Your task: Where in the records does the word "Rdist" occur? Copy each line in which it does.

Task data:
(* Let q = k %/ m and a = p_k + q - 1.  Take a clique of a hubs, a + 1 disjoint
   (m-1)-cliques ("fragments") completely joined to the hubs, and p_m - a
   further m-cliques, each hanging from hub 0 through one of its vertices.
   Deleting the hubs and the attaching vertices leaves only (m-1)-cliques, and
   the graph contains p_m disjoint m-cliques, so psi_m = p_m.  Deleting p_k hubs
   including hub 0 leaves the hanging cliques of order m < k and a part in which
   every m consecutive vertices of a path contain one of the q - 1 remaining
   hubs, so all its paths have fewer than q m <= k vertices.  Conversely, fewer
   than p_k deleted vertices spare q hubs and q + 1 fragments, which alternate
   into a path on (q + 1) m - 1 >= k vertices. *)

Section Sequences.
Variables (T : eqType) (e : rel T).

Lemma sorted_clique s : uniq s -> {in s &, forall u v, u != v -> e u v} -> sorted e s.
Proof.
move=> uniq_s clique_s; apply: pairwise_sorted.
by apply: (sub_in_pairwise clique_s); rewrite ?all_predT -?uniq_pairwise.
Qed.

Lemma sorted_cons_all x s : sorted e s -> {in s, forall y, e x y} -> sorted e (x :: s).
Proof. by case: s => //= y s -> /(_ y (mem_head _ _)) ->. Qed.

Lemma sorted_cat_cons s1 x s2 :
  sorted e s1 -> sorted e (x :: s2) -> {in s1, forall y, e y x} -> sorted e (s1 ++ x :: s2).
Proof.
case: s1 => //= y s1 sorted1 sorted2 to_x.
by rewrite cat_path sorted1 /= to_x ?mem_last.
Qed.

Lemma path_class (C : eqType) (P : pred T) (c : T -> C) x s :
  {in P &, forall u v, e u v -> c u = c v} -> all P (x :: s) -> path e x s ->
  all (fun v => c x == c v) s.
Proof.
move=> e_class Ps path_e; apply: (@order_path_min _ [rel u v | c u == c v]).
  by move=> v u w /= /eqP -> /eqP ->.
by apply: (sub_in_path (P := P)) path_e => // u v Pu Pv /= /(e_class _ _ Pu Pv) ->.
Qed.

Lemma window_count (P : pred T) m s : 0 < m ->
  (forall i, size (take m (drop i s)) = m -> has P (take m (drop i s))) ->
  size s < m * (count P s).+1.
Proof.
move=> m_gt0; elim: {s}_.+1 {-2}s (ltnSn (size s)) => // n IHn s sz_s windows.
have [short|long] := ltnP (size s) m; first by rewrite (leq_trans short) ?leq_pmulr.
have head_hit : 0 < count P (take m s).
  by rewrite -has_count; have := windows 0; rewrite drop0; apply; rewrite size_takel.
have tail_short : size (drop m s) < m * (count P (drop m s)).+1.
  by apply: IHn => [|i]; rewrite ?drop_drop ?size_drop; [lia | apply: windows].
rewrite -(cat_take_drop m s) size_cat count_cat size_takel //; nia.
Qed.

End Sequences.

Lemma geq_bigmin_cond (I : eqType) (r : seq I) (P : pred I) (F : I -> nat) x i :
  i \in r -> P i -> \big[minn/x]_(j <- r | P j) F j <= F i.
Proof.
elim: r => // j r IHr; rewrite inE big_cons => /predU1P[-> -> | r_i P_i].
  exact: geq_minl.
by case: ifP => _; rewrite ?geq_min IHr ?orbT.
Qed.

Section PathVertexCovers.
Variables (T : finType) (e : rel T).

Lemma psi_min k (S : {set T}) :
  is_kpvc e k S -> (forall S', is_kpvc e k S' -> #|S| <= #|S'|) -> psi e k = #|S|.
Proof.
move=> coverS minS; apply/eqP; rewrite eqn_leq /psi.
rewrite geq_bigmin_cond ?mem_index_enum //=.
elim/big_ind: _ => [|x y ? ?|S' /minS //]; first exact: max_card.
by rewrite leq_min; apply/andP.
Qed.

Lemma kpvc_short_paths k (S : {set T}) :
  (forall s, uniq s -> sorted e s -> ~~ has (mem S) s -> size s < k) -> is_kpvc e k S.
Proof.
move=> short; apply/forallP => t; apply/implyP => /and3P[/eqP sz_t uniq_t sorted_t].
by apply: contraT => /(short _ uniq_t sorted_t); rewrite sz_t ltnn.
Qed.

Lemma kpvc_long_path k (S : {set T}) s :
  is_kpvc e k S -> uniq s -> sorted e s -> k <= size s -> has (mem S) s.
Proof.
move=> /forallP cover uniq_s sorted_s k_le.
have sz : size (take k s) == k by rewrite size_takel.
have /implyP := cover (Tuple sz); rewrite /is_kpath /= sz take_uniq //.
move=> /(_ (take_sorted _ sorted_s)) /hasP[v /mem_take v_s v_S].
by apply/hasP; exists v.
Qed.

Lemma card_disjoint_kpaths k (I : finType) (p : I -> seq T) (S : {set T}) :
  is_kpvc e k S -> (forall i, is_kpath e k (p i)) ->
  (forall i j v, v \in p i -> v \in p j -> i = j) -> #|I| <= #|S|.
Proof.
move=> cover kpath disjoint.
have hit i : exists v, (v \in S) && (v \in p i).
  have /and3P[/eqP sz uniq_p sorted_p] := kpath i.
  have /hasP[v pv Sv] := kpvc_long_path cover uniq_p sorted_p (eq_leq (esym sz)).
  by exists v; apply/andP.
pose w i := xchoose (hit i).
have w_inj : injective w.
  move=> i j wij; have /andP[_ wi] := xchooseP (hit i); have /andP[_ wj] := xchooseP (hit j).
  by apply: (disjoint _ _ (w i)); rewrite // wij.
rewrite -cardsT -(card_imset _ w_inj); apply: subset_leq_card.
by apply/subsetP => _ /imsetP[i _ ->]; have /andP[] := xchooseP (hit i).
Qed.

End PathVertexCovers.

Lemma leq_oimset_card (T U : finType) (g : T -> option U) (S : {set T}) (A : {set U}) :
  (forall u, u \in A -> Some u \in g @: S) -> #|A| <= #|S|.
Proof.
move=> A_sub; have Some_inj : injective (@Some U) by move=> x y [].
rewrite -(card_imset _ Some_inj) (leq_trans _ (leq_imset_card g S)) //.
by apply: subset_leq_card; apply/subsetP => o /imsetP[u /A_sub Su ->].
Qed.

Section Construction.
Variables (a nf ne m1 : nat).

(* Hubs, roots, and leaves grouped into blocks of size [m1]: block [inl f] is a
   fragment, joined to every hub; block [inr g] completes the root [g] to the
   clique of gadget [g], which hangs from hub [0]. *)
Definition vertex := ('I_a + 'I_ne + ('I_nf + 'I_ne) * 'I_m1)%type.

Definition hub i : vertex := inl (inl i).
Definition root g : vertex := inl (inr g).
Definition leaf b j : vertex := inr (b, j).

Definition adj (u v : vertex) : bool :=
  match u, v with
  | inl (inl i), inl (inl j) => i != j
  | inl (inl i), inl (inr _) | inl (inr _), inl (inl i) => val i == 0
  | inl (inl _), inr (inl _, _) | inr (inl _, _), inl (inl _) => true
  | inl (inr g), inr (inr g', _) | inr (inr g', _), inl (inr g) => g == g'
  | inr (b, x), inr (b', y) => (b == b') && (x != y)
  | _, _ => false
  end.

--

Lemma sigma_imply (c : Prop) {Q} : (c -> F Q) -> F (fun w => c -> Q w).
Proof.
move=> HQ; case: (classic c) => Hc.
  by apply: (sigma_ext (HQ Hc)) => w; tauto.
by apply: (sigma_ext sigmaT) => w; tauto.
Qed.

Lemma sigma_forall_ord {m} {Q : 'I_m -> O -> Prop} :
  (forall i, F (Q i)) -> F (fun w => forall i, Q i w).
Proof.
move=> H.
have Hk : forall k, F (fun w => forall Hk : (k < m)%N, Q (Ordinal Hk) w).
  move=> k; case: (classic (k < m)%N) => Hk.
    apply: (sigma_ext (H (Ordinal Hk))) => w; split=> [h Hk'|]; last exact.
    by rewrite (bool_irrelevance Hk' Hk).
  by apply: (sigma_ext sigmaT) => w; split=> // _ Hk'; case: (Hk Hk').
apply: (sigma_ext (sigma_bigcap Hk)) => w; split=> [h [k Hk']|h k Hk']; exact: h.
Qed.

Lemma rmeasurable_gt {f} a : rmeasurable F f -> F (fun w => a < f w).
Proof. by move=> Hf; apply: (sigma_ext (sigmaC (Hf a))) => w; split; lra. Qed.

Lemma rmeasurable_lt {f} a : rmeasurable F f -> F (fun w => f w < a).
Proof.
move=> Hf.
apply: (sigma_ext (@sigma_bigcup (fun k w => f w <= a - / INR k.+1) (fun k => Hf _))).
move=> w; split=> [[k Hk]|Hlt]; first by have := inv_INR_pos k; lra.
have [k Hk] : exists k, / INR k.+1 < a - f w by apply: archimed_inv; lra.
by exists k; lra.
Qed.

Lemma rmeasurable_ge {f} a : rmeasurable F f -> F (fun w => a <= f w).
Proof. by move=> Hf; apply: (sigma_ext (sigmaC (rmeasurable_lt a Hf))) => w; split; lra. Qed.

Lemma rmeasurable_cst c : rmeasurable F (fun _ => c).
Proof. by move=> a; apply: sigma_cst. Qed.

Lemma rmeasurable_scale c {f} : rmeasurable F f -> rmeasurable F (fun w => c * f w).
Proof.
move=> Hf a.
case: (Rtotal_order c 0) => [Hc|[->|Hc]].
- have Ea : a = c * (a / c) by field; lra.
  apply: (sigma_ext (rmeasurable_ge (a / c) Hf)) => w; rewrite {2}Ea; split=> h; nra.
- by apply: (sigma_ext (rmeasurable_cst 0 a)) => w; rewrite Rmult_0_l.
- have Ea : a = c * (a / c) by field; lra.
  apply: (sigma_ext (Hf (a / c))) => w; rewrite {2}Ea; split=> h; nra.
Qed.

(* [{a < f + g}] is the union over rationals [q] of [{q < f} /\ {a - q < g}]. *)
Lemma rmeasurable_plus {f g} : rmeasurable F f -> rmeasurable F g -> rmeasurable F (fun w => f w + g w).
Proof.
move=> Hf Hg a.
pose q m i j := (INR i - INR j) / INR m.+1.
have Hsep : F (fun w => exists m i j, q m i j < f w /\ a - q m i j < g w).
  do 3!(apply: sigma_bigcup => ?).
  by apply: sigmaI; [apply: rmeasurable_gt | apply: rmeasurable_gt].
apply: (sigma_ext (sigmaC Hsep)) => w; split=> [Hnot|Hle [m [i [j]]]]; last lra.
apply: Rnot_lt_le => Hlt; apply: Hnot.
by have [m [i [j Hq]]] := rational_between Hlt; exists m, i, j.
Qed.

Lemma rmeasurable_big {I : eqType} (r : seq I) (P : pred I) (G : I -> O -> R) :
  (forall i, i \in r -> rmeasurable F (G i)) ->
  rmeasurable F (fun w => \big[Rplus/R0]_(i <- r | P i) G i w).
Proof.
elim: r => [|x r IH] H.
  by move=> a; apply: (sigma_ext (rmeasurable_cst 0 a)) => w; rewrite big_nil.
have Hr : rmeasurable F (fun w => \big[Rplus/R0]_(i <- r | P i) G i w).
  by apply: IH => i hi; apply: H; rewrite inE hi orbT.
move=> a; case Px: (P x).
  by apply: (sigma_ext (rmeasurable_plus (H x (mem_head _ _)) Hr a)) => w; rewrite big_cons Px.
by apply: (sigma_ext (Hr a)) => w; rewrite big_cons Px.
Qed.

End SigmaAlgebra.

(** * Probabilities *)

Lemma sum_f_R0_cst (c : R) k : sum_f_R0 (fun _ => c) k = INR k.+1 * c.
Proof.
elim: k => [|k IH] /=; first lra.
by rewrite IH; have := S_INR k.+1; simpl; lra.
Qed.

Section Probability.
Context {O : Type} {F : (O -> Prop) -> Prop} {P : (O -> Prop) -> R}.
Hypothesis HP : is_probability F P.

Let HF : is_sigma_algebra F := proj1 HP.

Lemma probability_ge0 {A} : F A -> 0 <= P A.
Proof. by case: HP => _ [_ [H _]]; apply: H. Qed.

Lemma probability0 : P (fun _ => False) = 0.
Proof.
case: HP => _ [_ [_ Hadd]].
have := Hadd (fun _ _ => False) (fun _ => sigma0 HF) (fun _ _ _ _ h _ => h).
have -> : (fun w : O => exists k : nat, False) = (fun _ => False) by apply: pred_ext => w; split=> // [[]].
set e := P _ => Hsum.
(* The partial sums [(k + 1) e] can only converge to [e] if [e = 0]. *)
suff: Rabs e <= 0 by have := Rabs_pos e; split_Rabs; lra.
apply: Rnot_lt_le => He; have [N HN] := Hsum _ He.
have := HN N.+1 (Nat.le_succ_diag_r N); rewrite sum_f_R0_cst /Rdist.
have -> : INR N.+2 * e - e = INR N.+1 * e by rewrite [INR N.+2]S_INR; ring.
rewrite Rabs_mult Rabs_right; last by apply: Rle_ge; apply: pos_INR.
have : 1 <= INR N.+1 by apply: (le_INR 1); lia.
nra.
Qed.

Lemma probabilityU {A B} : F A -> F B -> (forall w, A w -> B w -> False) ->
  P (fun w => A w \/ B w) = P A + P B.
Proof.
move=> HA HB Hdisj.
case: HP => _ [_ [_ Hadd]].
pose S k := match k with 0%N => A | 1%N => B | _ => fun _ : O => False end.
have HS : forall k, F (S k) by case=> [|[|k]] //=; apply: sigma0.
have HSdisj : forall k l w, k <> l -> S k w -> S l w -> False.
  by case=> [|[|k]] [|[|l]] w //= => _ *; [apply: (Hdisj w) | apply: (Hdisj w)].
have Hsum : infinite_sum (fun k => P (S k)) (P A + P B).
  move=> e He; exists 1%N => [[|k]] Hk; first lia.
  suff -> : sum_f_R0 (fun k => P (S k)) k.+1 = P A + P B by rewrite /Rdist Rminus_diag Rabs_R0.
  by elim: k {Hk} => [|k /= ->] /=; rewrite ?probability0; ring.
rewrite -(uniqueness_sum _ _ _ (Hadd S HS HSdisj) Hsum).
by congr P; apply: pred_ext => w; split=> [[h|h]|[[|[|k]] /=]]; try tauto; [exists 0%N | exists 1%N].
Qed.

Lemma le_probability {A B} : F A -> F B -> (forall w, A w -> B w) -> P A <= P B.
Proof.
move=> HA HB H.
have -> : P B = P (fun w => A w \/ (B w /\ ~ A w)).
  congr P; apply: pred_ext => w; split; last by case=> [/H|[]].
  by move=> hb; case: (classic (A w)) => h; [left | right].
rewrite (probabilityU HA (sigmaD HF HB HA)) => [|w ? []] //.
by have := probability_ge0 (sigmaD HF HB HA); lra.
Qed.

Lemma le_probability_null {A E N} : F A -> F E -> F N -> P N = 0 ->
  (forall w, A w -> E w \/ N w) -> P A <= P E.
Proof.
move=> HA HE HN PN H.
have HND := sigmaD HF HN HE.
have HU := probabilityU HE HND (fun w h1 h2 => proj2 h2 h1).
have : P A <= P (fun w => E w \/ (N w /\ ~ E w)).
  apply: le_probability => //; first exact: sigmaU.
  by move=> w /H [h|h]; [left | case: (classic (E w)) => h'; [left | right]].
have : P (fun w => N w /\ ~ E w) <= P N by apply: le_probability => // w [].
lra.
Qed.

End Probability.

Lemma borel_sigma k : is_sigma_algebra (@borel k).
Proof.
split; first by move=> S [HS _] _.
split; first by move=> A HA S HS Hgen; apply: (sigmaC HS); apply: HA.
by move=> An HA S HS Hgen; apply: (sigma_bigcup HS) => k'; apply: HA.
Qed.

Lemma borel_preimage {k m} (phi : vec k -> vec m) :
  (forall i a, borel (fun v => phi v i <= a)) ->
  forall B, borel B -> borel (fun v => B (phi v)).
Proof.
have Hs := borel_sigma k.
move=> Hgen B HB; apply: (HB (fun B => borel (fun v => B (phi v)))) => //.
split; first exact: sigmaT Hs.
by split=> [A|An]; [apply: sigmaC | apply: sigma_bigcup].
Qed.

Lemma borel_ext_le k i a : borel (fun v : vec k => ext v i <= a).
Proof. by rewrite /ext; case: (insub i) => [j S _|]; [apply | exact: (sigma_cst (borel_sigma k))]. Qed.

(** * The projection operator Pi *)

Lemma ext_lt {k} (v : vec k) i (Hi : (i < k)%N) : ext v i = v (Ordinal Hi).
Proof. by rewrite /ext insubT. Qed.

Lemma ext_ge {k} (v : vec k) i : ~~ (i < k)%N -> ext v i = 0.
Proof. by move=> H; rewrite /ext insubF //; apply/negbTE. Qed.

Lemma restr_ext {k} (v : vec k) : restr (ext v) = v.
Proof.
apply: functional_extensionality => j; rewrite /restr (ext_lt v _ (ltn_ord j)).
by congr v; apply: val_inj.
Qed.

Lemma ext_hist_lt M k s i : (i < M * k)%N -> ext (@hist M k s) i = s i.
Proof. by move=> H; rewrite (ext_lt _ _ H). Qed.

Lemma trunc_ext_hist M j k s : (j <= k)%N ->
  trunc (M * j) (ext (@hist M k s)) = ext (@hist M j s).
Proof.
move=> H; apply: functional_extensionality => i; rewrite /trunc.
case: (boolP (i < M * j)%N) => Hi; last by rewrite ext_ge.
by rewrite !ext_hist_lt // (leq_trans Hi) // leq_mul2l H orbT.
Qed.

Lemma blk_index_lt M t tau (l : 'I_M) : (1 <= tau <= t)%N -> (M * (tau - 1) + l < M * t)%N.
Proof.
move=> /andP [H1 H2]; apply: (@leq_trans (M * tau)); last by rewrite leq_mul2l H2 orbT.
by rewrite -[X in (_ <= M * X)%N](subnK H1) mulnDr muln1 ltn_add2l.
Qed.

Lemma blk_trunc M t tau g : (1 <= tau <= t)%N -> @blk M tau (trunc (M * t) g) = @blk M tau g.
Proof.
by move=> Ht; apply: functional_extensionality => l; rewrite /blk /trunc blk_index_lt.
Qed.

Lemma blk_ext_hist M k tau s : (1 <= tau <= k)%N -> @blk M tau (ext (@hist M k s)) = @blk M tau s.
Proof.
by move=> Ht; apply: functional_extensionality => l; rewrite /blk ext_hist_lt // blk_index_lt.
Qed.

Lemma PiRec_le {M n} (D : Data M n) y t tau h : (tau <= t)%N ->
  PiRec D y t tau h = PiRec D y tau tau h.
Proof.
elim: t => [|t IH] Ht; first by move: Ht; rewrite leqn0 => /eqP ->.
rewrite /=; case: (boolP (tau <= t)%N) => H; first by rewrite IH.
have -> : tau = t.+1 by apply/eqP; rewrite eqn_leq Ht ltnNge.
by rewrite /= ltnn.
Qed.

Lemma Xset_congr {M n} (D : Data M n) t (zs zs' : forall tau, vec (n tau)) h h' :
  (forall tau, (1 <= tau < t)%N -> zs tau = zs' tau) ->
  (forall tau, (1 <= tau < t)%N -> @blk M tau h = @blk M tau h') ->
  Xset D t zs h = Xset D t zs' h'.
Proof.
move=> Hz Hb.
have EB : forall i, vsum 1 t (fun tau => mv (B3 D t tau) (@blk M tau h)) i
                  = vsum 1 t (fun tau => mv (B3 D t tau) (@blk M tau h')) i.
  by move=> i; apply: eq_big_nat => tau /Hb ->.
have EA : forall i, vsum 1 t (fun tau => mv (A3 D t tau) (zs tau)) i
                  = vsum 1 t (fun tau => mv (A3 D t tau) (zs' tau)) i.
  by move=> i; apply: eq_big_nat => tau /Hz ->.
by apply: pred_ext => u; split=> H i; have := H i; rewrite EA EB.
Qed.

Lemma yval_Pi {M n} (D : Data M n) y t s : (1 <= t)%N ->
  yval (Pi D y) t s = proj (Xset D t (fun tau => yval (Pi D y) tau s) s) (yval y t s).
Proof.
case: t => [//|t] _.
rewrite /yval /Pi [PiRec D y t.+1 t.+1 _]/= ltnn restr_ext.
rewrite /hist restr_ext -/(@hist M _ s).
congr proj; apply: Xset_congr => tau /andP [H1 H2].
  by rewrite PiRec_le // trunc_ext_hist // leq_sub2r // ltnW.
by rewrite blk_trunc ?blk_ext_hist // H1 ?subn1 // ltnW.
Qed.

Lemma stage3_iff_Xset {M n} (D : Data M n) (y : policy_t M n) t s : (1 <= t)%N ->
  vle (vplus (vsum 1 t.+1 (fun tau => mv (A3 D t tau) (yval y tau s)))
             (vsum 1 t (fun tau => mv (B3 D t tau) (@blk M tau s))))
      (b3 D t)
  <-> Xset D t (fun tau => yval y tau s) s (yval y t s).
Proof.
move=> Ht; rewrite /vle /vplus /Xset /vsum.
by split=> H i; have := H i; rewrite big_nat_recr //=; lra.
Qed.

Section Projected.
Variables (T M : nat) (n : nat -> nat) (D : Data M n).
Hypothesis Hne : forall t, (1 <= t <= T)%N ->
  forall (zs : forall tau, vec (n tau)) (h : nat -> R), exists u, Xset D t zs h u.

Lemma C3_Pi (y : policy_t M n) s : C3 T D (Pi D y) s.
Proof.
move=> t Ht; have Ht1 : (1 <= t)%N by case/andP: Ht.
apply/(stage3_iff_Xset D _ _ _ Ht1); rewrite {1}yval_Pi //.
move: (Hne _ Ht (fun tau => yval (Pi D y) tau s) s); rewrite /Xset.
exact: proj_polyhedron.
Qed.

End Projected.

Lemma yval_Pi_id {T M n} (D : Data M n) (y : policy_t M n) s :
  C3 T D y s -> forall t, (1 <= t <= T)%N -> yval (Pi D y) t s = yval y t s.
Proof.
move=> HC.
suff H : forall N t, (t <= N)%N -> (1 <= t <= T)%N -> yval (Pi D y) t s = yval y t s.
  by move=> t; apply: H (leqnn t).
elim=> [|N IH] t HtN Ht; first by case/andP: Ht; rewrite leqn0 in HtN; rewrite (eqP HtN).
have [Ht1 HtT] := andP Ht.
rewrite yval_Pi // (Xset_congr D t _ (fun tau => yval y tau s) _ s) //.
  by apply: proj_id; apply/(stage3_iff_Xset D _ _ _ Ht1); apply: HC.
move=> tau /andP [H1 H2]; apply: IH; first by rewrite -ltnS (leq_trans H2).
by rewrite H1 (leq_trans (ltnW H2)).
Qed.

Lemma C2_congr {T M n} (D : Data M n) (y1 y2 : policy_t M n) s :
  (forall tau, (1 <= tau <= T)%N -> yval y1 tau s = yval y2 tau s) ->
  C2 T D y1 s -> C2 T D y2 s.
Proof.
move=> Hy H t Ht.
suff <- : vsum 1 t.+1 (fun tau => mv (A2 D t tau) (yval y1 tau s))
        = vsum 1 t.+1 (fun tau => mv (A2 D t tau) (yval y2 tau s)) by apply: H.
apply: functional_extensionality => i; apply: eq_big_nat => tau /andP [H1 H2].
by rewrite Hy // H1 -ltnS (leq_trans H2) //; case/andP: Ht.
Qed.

Answer section:
have := HN N.+1 (Nat.le_succ_diag_r N); rewrite sum_f_R0_cst /Rdist.
  suff -> : sum_f_R0 (fun k => P (S k)) k.+1 = P A + P B by rewrite /Rdist Rminus_diag Rabs_R0.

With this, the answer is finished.